**Task brief**
Give back exactly the lines of the data below, starting with the line that has "((vpos u).1 +" and going on through the line that has "Proof. by rewrite".

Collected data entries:
──────────────────────────────
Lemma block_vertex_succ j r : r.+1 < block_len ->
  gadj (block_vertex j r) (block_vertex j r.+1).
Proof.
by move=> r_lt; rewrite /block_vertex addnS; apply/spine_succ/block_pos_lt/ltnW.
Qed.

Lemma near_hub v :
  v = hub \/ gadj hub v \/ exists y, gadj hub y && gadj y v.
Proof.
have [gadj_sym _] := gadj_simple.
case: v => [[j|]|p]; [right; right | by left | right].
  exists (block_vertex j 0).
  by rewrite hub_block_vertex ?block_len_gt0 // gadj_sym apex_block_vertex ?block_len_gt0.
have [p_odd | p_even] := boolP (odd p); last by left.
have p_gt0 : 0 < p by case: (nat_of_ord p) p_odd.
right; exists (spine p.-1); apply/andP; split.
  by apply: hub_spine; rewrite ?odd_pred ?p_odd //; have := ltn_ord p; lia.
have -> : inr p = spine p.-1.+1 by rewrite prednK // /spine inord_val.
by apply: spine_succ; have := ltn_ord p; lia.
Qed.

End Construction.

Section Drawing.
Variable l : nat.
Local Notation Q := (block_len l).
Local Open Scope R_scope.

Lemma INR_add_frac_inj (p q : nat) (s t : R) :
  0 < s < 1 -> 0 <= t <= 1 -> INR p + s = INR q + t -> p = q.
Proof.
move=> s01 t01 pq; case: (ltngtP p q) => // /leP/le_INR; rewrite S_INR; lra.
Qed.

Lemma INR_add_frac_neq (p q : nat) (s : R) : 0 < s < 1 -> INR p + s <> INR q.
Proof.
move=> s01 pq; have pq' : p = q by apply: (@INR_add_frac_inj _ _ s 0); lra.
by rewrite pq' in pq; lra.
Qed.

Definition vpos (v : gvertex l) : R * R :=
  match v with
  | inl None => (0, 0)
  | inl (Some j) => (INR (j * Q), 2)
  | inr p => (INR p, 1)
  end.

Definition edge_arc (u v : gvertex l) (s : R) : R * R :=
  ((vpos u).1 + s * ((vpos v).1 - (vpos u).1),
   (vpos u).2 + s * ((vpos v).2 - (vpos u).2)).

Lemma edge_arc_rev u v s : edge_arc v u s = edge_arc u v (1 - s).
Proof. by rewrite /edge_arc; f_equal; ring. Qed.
──────────────────────────────
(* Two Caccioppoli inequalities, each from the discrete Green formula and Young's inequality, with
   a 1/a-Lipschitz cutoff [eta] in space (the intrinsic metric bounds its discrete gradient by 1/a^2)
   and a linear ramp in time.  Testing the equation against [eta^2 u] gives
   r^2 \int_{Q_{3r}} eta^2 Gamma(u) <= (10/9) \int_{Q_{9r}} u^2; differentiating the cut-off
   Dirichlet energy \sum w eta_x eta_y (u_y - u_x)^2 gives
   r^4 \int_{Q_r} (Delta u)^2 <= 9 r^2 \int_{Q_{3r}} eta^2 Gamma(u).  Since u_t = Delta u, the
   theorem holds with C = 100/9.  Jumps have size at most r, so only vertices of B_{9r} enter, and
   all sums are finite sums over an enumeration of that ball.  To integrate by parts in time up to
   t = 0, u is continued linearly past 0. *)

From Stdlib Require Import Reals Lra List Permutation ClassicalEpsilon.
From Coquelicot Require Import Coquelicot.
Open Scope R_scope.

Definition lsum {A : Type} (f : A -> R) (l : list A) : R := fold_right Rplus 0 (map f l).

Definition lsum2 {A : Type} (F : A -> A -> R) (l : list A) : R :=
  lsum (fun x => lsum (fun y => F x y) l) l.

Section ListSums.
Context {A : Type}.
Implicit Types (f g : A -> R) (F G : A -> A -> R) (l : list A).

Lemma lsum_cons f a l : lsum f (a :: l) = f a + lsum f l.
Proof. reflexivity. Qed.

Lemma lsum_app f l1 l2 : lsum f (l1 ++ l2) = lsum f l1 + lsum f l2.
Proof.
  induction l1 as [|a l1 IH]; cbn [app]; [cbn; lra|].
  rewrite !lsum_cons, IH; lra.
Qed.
──────────────────────────────
**Response for this exercise**
  ((vpos u).1 + s * ((vpos v).1 - (vpos u).1),
   (vpos u).2 + s * ((vpos v).2 - (vpos u).2)).

Lemma edge_arc_rev u v s : edge_arc v u s = edge_arc u v (1 - s).
Proof. by rewrite /edge_arc; f_equal; ring. Qed.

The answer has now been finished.